Ne var ki, üçüncü kişi vekil ile çıkar ve işbirliği içerisinde ise veya kötü niyetli olup vekilin vekâlet görevini kötüye kullandığını biliyor veya bilmesi gerekiyorsa vekil edenin sözleşme ile bağlı sayılmaması, TMK"nin 2. maddesinde yazılı dürüstlük kuralının doğal bir sonucu olarak kabul edilmelidir. Söz konusu yasa maddesi buyurucu nitelik taşıdığından hakim tarafından kendiliğinden (resen) göz önünde tutulması zorunludur. Aksine düşünce kötü niyeti teşvik etmek en azından ona göz yummak olur. Oysa bütün çağdaş hukuk sistemlerinde kötü niyet korunmamış daima mahkum edilmiştir.

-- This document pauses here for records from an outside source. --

Theorem theoremA11 (R : realType) (G Gam : topologicalZmodType)
  (hausG : hausdorff_space G) (lcG : locally_compact [set: G])
  (hausGam : hausdorff_space Gam) (lcGam : locally_compact [set: Gam])
  (e : G -> Gam -> R[i]) (he : dual_pairing e)
  (mu : {measure set borelT G -> \bar R}) (nu : {measure set borelT Gam -> \bar R})
  (hsp : spectral_pair mu nu e)
  (F : (borelT G -> R[i]) -> (borelT Gam -> R[i])) (hF : assoc_unitary mu nu e F)
  (f : borelT G -> R[i]) (hf : L2 mu f) (hf0 : 0 < norm2 mu f)
  (eps delta : R) (heps : 0 <= eps) (hdelta : 0 <= delta) (hed : eps + delta <= 1)
  (A : set (borelT G)) (B : set (borelT Gam))
  (mA : measurable A) (mB : measurable B)
  (hA : norm2 mu (fun x => f x - ((\1_A x)%:C)%C * f x) <= eps * norm2 mu f)
  (hB : norm2 nu (fun xi => F f xi - ((\1_B xi)%:C)%C * F f xi)
          <= delta * norm2 nu (F f)) :
  (((1 - eps - delta) ^+ 2)%:E <= mu A * nu B)%E.
Proof.
move: he hF => [e_char _ _ _ _] [F_iso F_lin F_fourier].
have F_add := ae_additive_of_linear F_lin.
set a := norm2 mu f.
set Y := norm2 nu (fun xi => (\1_B xi)%:C%C * F (fun x => (\1_A x)%:C%C * f x) xi).
have lower : (1 - eps - delta) * a <= Y := norm2_indicM_unitary_ge F_iso F_add mA mB hf hA hB.
have := sqnorm_indicM_fourier_le e_char (fun u Lu => proj1 (F_iso u Lu)) F_fourier mA mB hf hf0.
rewrite sqnormE; last exact/L2_indicM/(proj1 (F_iso _ (L2_indicM mA hf))).
rewrite -/Y -/a => upper.
have a2 : (0 < (a ^+ 2)%:E)%E by rewrite lte_fin exprn_gt0.
rewrite -(lee_pmul2r _ a2) // -EFinM -exprMn; apply: le_trans upper.
have c0 : 0 <= 1 - eps - delta by lra.
by rewrite lee_fin ler_pXn2r ?nnegrE ?mulr_ge0 ?(le_trans _ lower) ?mulr_ge0 // ltW.
Qed.
(* A(P^{n+2}) (U^{n+1} - U^{n+2}) = - resid P^{n+2} U^{n+1} <= eps_{n+2} - resid P^{n+1} U^{n+1}
   = eps_{n+2}. *)
Lemma iterate_decrease_le n j : (j <= M)%nat ->
  U (S n) j - U (S (S n)) j <= eps (S (S n)) * kappa.
Proof.
  intro Hj. assert (HP := iterate_admissible (S (S n)) ltac:(lia)).
  apply (policy_matvec_le (Pol (S (S n))) _ (fun j => U (S n) j - U (S (S n)) j)); auto.
  - left. apply (proj1 run). lia.
  - intros k Hk. rewrite <- resid_sub, (iterate_resid_0 (S (S n))) by (auto; lia).
    pose proof (iterate_near_optimal n (Pol (S n)) k (iterate_admissible (S n) ltac:(lia)) Hk)
      as Hopt.
    rewrite iterate_resid_0 in Hopt by (auto; lia). lra.
Qed.

Lemma iterate_cv : exists Ustar : vec,
  forall i, (i <= M)%nat -> Un_cv (fun n => U (S n) i) (Ustar i).
Proof.
  destruct run as [Hpos [[s Hs] _]].
  assert (Hkappa := kappa_nonneg _ (iterate_admissible 1 (le_n 1))).
  assert (Hcomp : forall i, exists u, (i <= M)%nat -> Un_cv (fun n => U (S n) i) u).
  { intro i. destruct (Nat.le_gt_cases i M) as [Hi | Hi]; [| exists 0; lia].
    destruct (almost_growing_cv (fun n => U (S n) i) (fun n => kappa * eps (S n))
                (kappa * s) (C2 * kappa)) as [u Hu].
    - intro n. rewrite Rmult_comm. apply iterate_decrease_le, Hi.
    - intro n. apply Rmult_le_pos; [exact Hkappa | left; apply Hpos; lia].
    - apply (Un_cv_ext (fun n => kappa * sum_f_R0 (fun k => eps (S k)) n)).
      + intro n. rewrite scal_sum. apply sum_eq; intros; ring.
      + apply CV_mult; [apply Un_cv_const | exact Hs].
    - intro n. apply iterate_le, Hi.
    - exists u. intros _. exact Hu. }
  destruct (choice _ Hcomp) as [Ustar HUstar]. exists Ustar. exact HUstar.
Qed.

Section Limit.

Variable Ustar : vec.
Hypothesis iterate_limit : forall i, (i <= M)%nat -> Un_cv (fun n => U (S n) i) (Ustar i).

Local Notation D n := (sum_f_R0 (fun j => Rabs (U (S n) j - Ustar j)) M).

Lemma limit_resid_le_0 P i : admissible P -> (i <= M)%nat -> resid P Ustar i <= 0.
Proof.
  intros HP Hi.
  apply Rle_cv_lim with (fun _ => resid P Ustar i)
    (fun n => 2 * C2 * D n + C2 * D (S n) + eps (S (S n))); [| apply Un_cv_const |].
  - intro n. assert (HQ := iterate_admissible (S (S n)) ltac:(lia)).
    pose proof (Rabs_le_between _ _ (resid_lipschitz P (U (S n)) Ustar i HP Hi)).
    pose proof (iterate_near_optimal n P i HP Hi).
    pose proof (Rabs_le_between _ _ (resid_lipschitz _ (U (S n)) Ustar i HQ Hi)).
    pose proof (Rabs_le_between _ _ (resid_lipschitz _ (U (S (S n))) Ustar i HQ Hi)).
    pose proof (iterate_resid_0 (S (S n)) i ltac:(lia) Hi).
    lra.
  - assert (HD : Un_cv (fun n => D n) 0) by (apply sum_abs_sub_cv0; exact iterate_limit).
    assert (Heps : Un_cv (fun n => eps (S (S n))) 0).
    { destruct run as [_ [[s Hs] _]]. apply (Un_cv_S_iff (fun k => eps (S k))), (series_terms_cv0 _ s Hs). }
    replace 0 with (2 * C2 * 0 + C2 * 0 + 0) by ring.
    apply CV_plus; [apply CV_plus |]; try apply CV_mult; try apply Un_cv_const;
      [exact HD | apply (Un_cv_S_iff (fun n => D n)); exact HD | exact Heps].
Qed.

Lemma limit_bellman_sol : bellman_sol M T Pset a y Ustar.
Proof.
  intros i Hi. split.
  - intros r [P [HP ->]]. exact (limit_resid_le_0 P i HP Hi).
  - intros b Hb.
    apply Rle_cv_lim with (fun n => - C2 * D n) (fun _ => b); [| | apply Un_cv_const].
    + intro n. assert (HP := iterate_admissible (S n) ltac:(lia)).
      pose proof (Rabs_le_between _ _ (resid_lipschitz _ (U (S n)) Ustar i HP Hi)).
      pose proof (iterate_resid_0 (S n) i ltac:(lia) Hi).
      assert (resid (Pol (S n)) Ustar i <= b) by (apply Hb; eauto).
      lra.
    + replace 0 with (- C2 * 0) by ring.
      apply CV_mult; [apply Un_cv_const | apply sum_abs_sub_cv0; exact iterate_limit].
Qed.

Nitekim uygulama ve bilimsel görüşler bu yönde gelişmiş ve kararlılık kazanmıştır.
Somut olaya gelince; mahkemece birden fazla keşif yapılmış ve teknik bilirkişilerce değer tespiti bakımından birbiriyle çelişkili raporlar verilmiş, raporlar arasındaki çelişki giderilmeden en son verilen rapora itibar edilerek sonuca gidilmiştir.
Hal böyle olunca mahkemece, raporlar arasındaki çelişki belirlendikten sonra, bilirkişi raporuna karşı taraflarca yapılan itirazlar değerlendirilerek ek rapor alınması, gerekirse mahallinde keşif yapılarak çelişki giderildikten sonra hüküm kurulması gerekirken, eksik inceleme ve yanılgılı değerlendirme ile yazılı şekilde hüküm kurulmuş olması doğru değildir.
Davacının yerinde bulunan temyiz itirazlarının kabulü ile, 6100 sayılı Hukuk Muhakemeleri Kanunu’nun 373/1. maddesi uyarınca...Bölge Adliye Mahkemesi 2.Hukuk Dairesi kararının ORTADAN KALDIRILMASINA, İlk Derece Mahkemesi kararının yukarıda yazılı nedenlerden dolayı 6100 sayılı HMK’nın 371/1-a maddesi uyarınca BOZULMASINA, dosyanın kararı veren ...3. Asliye Hukuk Mahkemesi’ne, kararın bir örneğinin...Bölge Adliye Mahkemesi 2. Hukuk Dairesi’ne gönderilmesine, alınan peşin harcın temyiz edene geri verilmesine, 20.03.2019 tarihinde oybirliğiyle karar verildi.